=== What to produce ===
Below are entries. Copy exactly the lines running from the line that holds "Lemma iid_uniq n" to the line that holds "F rs = F rs'.", with both ends included.
*** Data to use Section Begins ***
Lemma exp_pow x n : exp x ^ n = exp (INR n * x).
Proof.
elim: n => [|n IH]; first by rewrite /= Rmult_0_l exp_0.
by rewrite S_INR /= IH -exp_plus; f_equal; ring.
Qed.

Lemma exp_neg_ge_third s : 0 <= s < 1 -> 1/3 <= exp (- s).
Proof.
move=> Hs; rewrite exp_Ropp.
have es3 : exp s <= 3 by apply: Rle_trans exp_le_3; apply: exp_mono; lra.
have := exp_pos s => es_pos.
apply: (Rmult_le_reg_r (exp s)) => //; rewrite Rinv_l; lra.
Qed.

(* The Stdlib Riemann integral behind [is_integral] agrees with Coquelicot's
   [is_RInt], in which all computations below are carried out. *)
Lemma is_integral_RInt f a b v : is_integral f a b v -> is_RInt f a b v.
Proof.
move=> [pr <-]; rewrite -RInt_Reals.
exact: (@RInt_correct R_CompleteNormedModule) (ex_RInt_Reals_1 _ _ _ pr).
Qed.

Lemma RInt_is_integral f a b v : is_RInt f a b v -> is_integral f a b v.
Proof.
move=> Hv; have Hex : ex_RInt f a b by exists v.
exists (ex_RInt_Reals_0 _ _ _ Hex); rewrite -RInt_Reals.
exact: (@is_RInt_unique R_CompleteNormedModule).
Qed.

Lemma is_RInt_zero a b : is_RInt (fun _ => 0) a b 0.
Proof. by have := @is_RInt_const R_NormedModule a b 0; rewrite scal_zero_r. Qed.

Section TruncatedExponential.
Variables lam Delta : R.
Hypothesis lam_pos : 0 < lam.
Hypothesis Delta_pos : 0 < Delta.

Definition edge : R := exp (- Delta / lam).

Lemma edge_pos : 0 < edge.
Proof. exact: exp_pos. Qed.

Lemma edge_lt1 : edge < 1.
Proof.
rewrite /edge -exp_0; apply: exp_increasing.
have : 0 < Delta / lam by apply: Rdiv_lt_0_compat.
rewrite /Rdiv; lra.
Qed.

Definition dens (x : R) : R := texp_density lam Delta x.

Lemma dens_pos x : 0 < dens x.
Proof.
have := edge_lt1; rewrite /dens /texp_density -/edge => lt1.
apply: Rmult_lt_0_compat; last exact: exp_pos.
apply/Rinv_0_lt_compat/Rmult_lt_0_compat; lra.
Qed.

Lemma dens_cont x : continuous dens x.
Proof.
apply: (@ex_derive_continuous R_AbsRing R_NormedModule).
rewrite /dens /texp_density; auto_derive; auto.
Qed.

Lemma int_dens u v :
  is_RInt dens u v ((exp (- u / lam) - exp (- v / lam)) / (1 - edge)).
Proof.
have := edge_lt1 => lt1.
pose G x := - exp (- x / lam) / (1 - edge).
have -> : (exp (- u / lam) - exp (- v / lam)) / (1 - edge) = minus (G v) (G u).
  by rewrite /minus /plus /opp /G /=; field; lra.
apply: (@is_RInt_derive R_CompleteNormedModule G) => x _; last exact: dens_cont.
rewrite /dens /texp_density -/edge /G; auto_derive; first exact: I.
by rewrite /Rdiv; field; split; lra.
Qed.

Lemma int_dens_total : is_RInt dens 0 Delta 1.
Proof.
have := @int_dens 0 Delta; have := edge_lt1 => lt1.
have -> : exp (- 0 / lam) = 1 by rewrite /Rdiv Ropp_0 Rmult_0_l exp_0.
by rewrite -/edge /Rdiv Rinv_r //; lra.
Qed.

(* [tail u = Pr[R >= u]] for [u >= 0], with the indicator [ind u x = 1[u <= x]]. *)
Definition ind (u x : R) : R := if Rle_dec u x then 1 else 0.
Definition tail (u : R) : R := Rmax 0 ((exp (- u / lam) - edge) / (1 - edge)).

Lemma tail_ge0 u : 0 <= tail u.
Proof. exact: Rmax_l. Qed.

Lemma int_tail u : 0 <= u -> is_RInt (fun x => dens x * ind u x) 0 Delta (tail u).
Proof.
move=> u_ge0; have := edge_lt1 => lt1.
have exp_cmp : forall v w, v <= w -> exp (- w / lam) <= exp (- v / lam).
  move=> v w le_vw; apply: exp_mono; rewrite /Rdiv -!Ropp_mult_distr_l.
  by apply/Ropp_le_contravar/Rmult_le_compat_r; first (left; apply: Rinv_0_lt_compat).
have ind_lo : forall x, x < u -> dens x * ind u x = 0.
  by move=> x ?; rewrite /ind; case: Rle_dec => /= ?; [lra | ring].
case: (Rlt_dec u Delta) => [lt_uD|ge_uD].
- have -> : tail u = plus 0 ((exp (- u / lam) - exp (- Delta / lam)) / (1 - edge)).
    rewrite /tail /plus /= Rplus_0_l -/edge; apply: Rmax_right.
    apply: Rmult_le_pos; last by left; apply: Rinv_0_lt_compat; lra.
    by have := exp_cmp u Delta (Rlt_le _ _ lt_uD); rewrite -/edge; lra.
  apply: (is_RInt_Chasles _ 0 u Delta).
  + apply: (is_RInt_ext (fun _ => 0)); last exact: is_RInt_zero.
    by move=> x; rewrite Rmin_left ?Rmax_right // => -[_ ?]; rewrite ind_lo.
  + apply: (is_RInt_ext dens); last exact: int_dens.
    move=> x; rewrite Rmin_left ?Rmax_right; try lra; move=> [? _].
    by rewrite /ind; case: Rle_dec => /= ?; [ring | lra].
- have -> : tail u = 0.
    rewrite /tail; apply: Rmax_left; rewrite /Rdiv.
    have := exp_cmp Delta u (Rnot_lt_le _ _ ge_uD); rewrite -/edge => ?.
    by apply: Rmult_le_0_r; [lra | left; apply: Rinv_0_lt_compat; lra].
  apply: (is_RInt_ext (fun _ => 0)); last exact: is_RInt_zero.
  by move=> x; rewrite Rmin_left ?Rmax_right; try lra; move=> [_ ?]; rewrite ind_lo; lra.
Qed.

End TruncatedExponential.

Section Expectation.
Variables lam Delta : R.
Hypothesis lam_pos : 0 < lam.
Hypothesis Delta_pos : 0 < Delta.

Local Notation dens := (dens lam Delta).
Local Notation E := (iid_expect lam Delta).

Lemma iid_ext n F G v : (forall rs, F rs = G rs) -> E n F v -> E n G v.
Proof. by move=> FG; have -> : G = F by apply: functional_extensionality => rs; rewrite FG. Qed.

Lemma iid_mono n : forall F G v w, E n F v -> E n G w ->
  (forall rs, F rs <= G rs) -> v <= w.
Proof.
elim: n => [|n IH] F G v w /=; first by move=> -> -> FG; exact: FG.
move=> [hF [HF IF]] [hG [HG IG]] FG.
apply: (is_RInt_le _ _ 0 Delta _ _ _ (is_integral_RInt IF) (is_integral_RInt IG)); first lra.
move=> x Hx; apply: Rmult_le_compat_l; first exact/Rlt_le/dens_pos.
by apply: (IH _ _ _ _ (HF x _) (HG x _)); try lra; move=> rs; exact: FG.
Qed.

Lemma iid_uniq n F v w : E n F v -> E n F w -> v = w.
Proof.
move=> Hv Hw; apply: Rle_antisym; [apply: (iid_mono Hv Hw) | apply: (iid_mono Hw Hv)];
  move=> rs; lra.
Qed.

Lemma iid_const n c : E n (fun _ => c) c.
Proof.
elim: n => [|n IH] //=; exists (fun _ => c); split => //.
apply: RInt_is_integral.
have := is_RInt_scal _ _ _ c _ (int_dens_total lam_pos Delta_pos).
rewrite /scal /= /mult /= Rmult_1_r => Ic.
by apply: (is_RInt_ext _ _ _ _ _ _ Ic) => x _; rewrite Rmult_comm.
Qed.

Definition threshold_determined (T : list R) (F : seq R -> R) : Prop :=
  forall rs rs', (forall i tau, List.In tau T -> (tau <= nth 0 rs i <-> tau <= nth 0 rs' i)) ->
  F rs = F rs'.

(* A function that is constant between consecutive thresholds of [T] is
   integrable against the density: split [a, b] at the thresholds. *)
Lemma ex_RInt_dens_step (T : list R) : forall a b (h : R -> R), a <= b ->
  (forall x y, a < x < b -> a < y < b ->
     (forall tau, List.In tau T -> (tau <= x <-> tau <= y)) -> h x = h y) ->
  ex_RInt (fun x => dens x * h x) a b.
Proof.
elim: T => [|tau T IH] a b h le_ab Hh.
- case: (Req_dec a b) => [<-|ne_ab]; first exact: ex_RInt_point.
  apply: (ex_RInt_ext (fun x => dens x * h ((a + b) / 2))).
    move=> x; rewrite Rmin_left ?Rmax_right; try lra; move=> Hx.
    by rewrite (Hh x ((a + b) / 2)) //; lra.
  apply: ex_RInt_continuous => z _.
  apply: (@ex_derive_continuous R_AbsRing R_NormedModule).
  by rewrite /dens /texp_density; auto_derive.
- have Hcut : forall a' b', a <= a' -> b' <= b -> a' <= b' ->
      (tau <= a' \/ b' <= tau) -> ex_RInt (fun x => dens x * h x) a' b'.
    move=> a' b' ? ? ? Htau; apply: IH => // x y Hx Hy HT; apply: Hh; try lra.
    by move=> s [<-|Hs]; [lra | exact: HT].
  case: (Rlt_dec a tau) => [lt_a|ge_a]; last by apply: Hcut; lra.
  case: (Rlt_dec tau b) => [lt_b|ge_b]; last by apply: Hcut; lra.
  by apply: (ex_RInt_Chasles _ a tau b); apply: Hcut; lra.
Qed.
*** Data to use Section Ends ***
=== Response to this task ===
Lemma iid_uniq n F v w : E n F v -> E n F w -> v = w.
Proof.
move=> Hv Hw; apply: Rle_antisym; [apply: (iid_mono Hv Hw) | apply: (iid_mono Hw Hv)];
  move=> rs; lra.
Qed.

Lemma iid_const n c : E n (fun _ => c) c.
Proof.
elim: n => [|n IH] //=; exists (fun _ => c); split => //.
apply: RInt_is_integral.
have := is_RInt_scal _ _ _ c _ (int_dens_total lam_pos Delta_pos).
rewrite /scal /= /mult /= Rmult_1_r => Ic.
by apply: (is_RInt_ext _ _ _ _ _ _ Ic) => x _; rewrite Rmult_comm.
Qed.

Definition threshold_determined (T : list R) (F : seq R -> R) : Prop :=
  forall rs rs', (forall i tau, List.In tau T -> (tau <= nth 0 rs i <-> tau <= nth 0 rs' i)) ->
  F rs = F rs'.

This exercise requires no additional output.